### DIRECTIONS FOR THIS TASK:
Tally every line of the entries that contains the string "lmodType", then reply with only that number.

[Dataset entries]
%%
Definition mul_gadget : gadget := {|
  rvert := (rvert A + rvert B)%type;
  pvert := (pvert A + pvert B)%type;
  input := inl (input A);
  output := inr (output B);
  medge := (medge A + medge B + unit)%type;
  msrc e := match e with
    | inl (inl e) => inl (msrc e)
    | inl (inr e) => inr (msrc e)
    | inr _ => inl (output A) end;
  mtgt e := match e with
    | inl (inl e) => inl (mtgt e)
    | inl (inr e) => inr (mtgt e)
    | inr _ => inr (input B) end;
  mlabel e := match e with
    | inl (inl e) => mlabel e
    | inl (inr e) => mlabel e
    | inr _ => MulConst 1 end;
  iedge := (iedge A + iedge B)%type;
  isrc e := match e with inl e => inl (isrc e) | inr e => inr (isrc e) end;
  itgt e := match e with inl e => inl (itgt e) | inr e => inr (itgt e) end;
  ikind e := match e with inl e => ikind e | inr e => ikind e end;
  rweight v := match v with
    | inl v => rweight (input B) * rweight v
    | inr v => rweight v end;
  pweight z := match z with
    | inl z => rweight (input B) *: pweight z
    | inr z => pweight z end |}.

Lemma mul_gadget_computes fa fb :
  gadget_computes A fa -> gadget_computes B fb ->
  gadget_computes mul_gadget (fa * fb).
Proof.
move=> [inA outA [mA iA] univA] [inB outB [mB iB] univB].
split=> /=; [by rewrite inA inB mulrC | exact: outB | split | ].
- case=> [[e|e]|[]] x /=; rewrite ?mB // ?outA ?mulr1 ?mul1r //.
  by rewrite -mulrA mA mulrA.
- by case=> e x /=; rewrite ?combineZ ?iA ?iB ?mulrA.
move=> M dr dp [dm di].
have [rA pA] := univA M (fun v => dr (inl v)) (fun z => dp (inl z))
  (conj (fun e => dm (inl (inl e))) (fun e => di (inl e))).
have [rB pB] := univB M (fun v => dr (inr v)) (fun z => dp (inr z))
  (conj (fun e => dm (inl (inr e))) (fun e => di (inr e))).
have outAB x : dr (inl (output A)) x = dr (inr (output B)) (rweight (input B) * x).
  by rewrite -(dm (inr tt)) /= mul1r rB.
split=> [[v|v] x|[z|z] x] /=.
- by rewrite rA outAB mulrA.
- exact: rB.
- by rewrite pA outAB combineZ.
- exact: pB.
Qed.

End Product.

Fixpoint formula_gadget (phi : formula k n) : gadget :=
  match phi with
  | FVar i => leaf_gadget (MulVar i)
  | FConst c => leaf_gadget (MulConst c)
  | FAdd a b => add_gadget (formula_gadget a) (formula_gadget b)
  | FMul a b => mul_gadget (formula_gadget a) (formula_gadget b)
  end.

Lemma formula_gadget_computes phi :
  gadget_computes (formula_gadget phi) (feval phi).
Proof.
elim: phi => [i|c|a IHa b IHb|a IHa b IHb] /=.
- exact: leaf_gadget_computes.
- exact: leaf_gadget_computes.
- exact: add_gadget_computes.
- exact: mul_gadget_computes.
Qed.

Lemma formula_gadget_edges phi :
  (gadget_edges (formula_gadget phi) <= 4 * fsize phi)%N.
Proof.
rewrite /gadget_edges; elim: phi => [i|c|a IHa b IHb|a IHa b IHb] /=;
  rewrite ?card_sum ?card_injection ?card_unit ?card_void //; lia.
Qed.

Definition is_cocone (D : diagram k n) (J : {set dV D}) (M : lmodType R)
    (d : forall v : dV D, {linear dobj v -> M}) : Prop :=
  forall e : dE D, dsrc e \in J -> dtgt e \in J ->
    forall x, d (dtgt e) (dmor e x) = d (dsrc e) x.

Lemma split_cocone_is_colimit (D : diagram k n) (J : {set dV D}) (L : lmodType R)
    (c : forall v : dV D, {linear dobj v -> L})
    (t : dV D) (g : {linear L -> dobj t}) :
  t \in J -> is_cocone J c -> (forall y, c t (g y) = y) ->
  (forall (M : lmodType R) (d : forall v : dV D, {linear dobj v -> M}),
     is_cocone J d -> forall v, v \in J -> forall x, d v x = d t (g (c v x))) ->
  is_colimit J c.
Proof.
move=> tJ cc cgK dfactor; split=> // M d dd; split.
  by exists (d t \o g) => v vJ x; rewrite /= -dfactor.
by move=> u u' uc u'c y; rewrite -[y]cgK uc // u'c.
Qed.

Section GadgetComputation.
Variable G : gadget.

Definition gadget_vtag (v : rvert G + pvert G) : otag :=
  if v is inl _ then OR else OR2.

Definition gadget_src (e : medge G + iedge G) : rvert G + pvert G :=
  match e with inl e => inl (msrc e) | inr e => inl (isrc e) end.

Definition gadget_tgt (e : medge G + iedge G) : rvert G + pvert G :=
  match e with inl e => inl (mtgt e) | inr e => inr (itgt e) end.

Definition gadget_mor (e : medge G + iedge G) :
    {linear bobj k n (gadget_vtag (gadget_src e)) ->
            bobj k n (gadget_vtag (gadget_tgt e))} :=
  match e with
  | inl e => *:%R (multiplier_val (mlabel e)) : {linear R^o -> R^o}
  | inr e => inject (ikind e)
  end.

Definition initial_vertices : {set (rvert G + pvert G) + 'I_1} :=
  [set v | if v is inl _ then true else false].

(* The leg at the new vertex itself is arbitrary: it is not in the chosen set. *)
Definition gadget_leg (v : (rvert G + pvert G) + 'I_1) :
    {linear cobj gadget_vtag (fun _ => R^o) v -> R^o} :=
  match v with
  | inl (inl v) => *:%R (rweight v) : {linear R^o -> R^o}
  | inl (inr z) => combine (pweight z)
  | inr _ => \0
  end.

Definition gadget_cc : colim_comp k n :=
  @ColimComp k n (rvert G + pvert G)%type (medge G + iedge G)%type gadget_vtag
    gadget_src gadget_tgt gadget_mor 1
    (fun _ => initial_vertices) (fun _ => R^o)
    (fun _ => gadget_leg).

Lemma gadget_cc_valid f : gadget_computes G f -> valid_cc gadget_cc.
Proof.
move=> [_ out1 [wm wi] univ]; split; [|split; [|split]].
- case=> [e|e] /=; last by case: (ikind e); [left | right; left | right; right].
  by case: (mlabel e) => [i|c]; [left; exists i | right; exists c].
- by move=> i j; rewrite inE.
- move=> i; apply: (@split_cocone_is_colimit (final_diagram gadget_cc) _ _ _
    (inl (inl (output G))) (idfun : {linear R^o -> R^o})).
  + by rewrite inE.
  + case=> [[e|e]|[[j v] vJ]] /= => [_ _|_ _|_]; [exact: wm | exact: wi |].
    by rewrite inE.
  + by move=> y; rewrite /= out1 [_ *: _]mul1r.
  move=> M d dd.
  have dcone :
      is_gadget_cocone G (fun v => d (inl (inl v))) (fun z => d (inl (inr z))).
    split=> e x; [apply: (dd (inl (inl e))) | apply: (dd (inl (inr e)))];
    by rewrite inE.
  have [dr dp] := univ M _ _ dcone.
  move=> [[v|z]|j] vJ x; [exact: dr | exact: dp | by rewrite inE in vJ].
- by move=> i j; rewrite !ord1.
Qed.

Lemma gadget_cc_computes f : gadget_computes G f -> computes_mul gadget_cc f.
Proof.
move=> [in_f _ _ _].
have inJ : inl (inl (input G)) \in initial_vertices by rewrite inE.
exists (inr (exist _ (ord0, inl (inl (input G))) inJ)); split=> //.
exists idfun, idfun; split; [by exists idfun | split; first by exists idfun].
by move=> x; rewrite /= in_f.
Qed.

Lemma gadget_cc_cost : cc_cost gadget_cc = (1 + gadget_edges G)%N.
Proof. by rewrite /cc_cost /= card_sum. Qed.

End GadgetComputation.

End Gadgets.

Theorem proposition5p6 :
  exists c0 : nat,
    forall (k : fieldType) (n : nat) (f : {mpoly k[n]}) (s : nat),
      computed_by_formula_of_size f s ->
      exists C : colim_comp k n,
        valid_cc C /\ computes_mul C f /\ (cc_cost C <= c0 * s)%N.
Proof.
exists 5 => k n f s [phi [<- <-]].
have size_gt0 : (0 < fsize phi)%N by case: phi.
have phiG := formula_gadget_computes phi.
exists (gadget_cc (formula_gadget phi)); split; first exact: gadget_cc_valid phiG.
split; first exact: gadget_cc_computes phiG.
by rewrite gadget_cc_cost; have := formula_gadget_edges phi; lia.
Qed.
%%
### ANSWER AREA:
3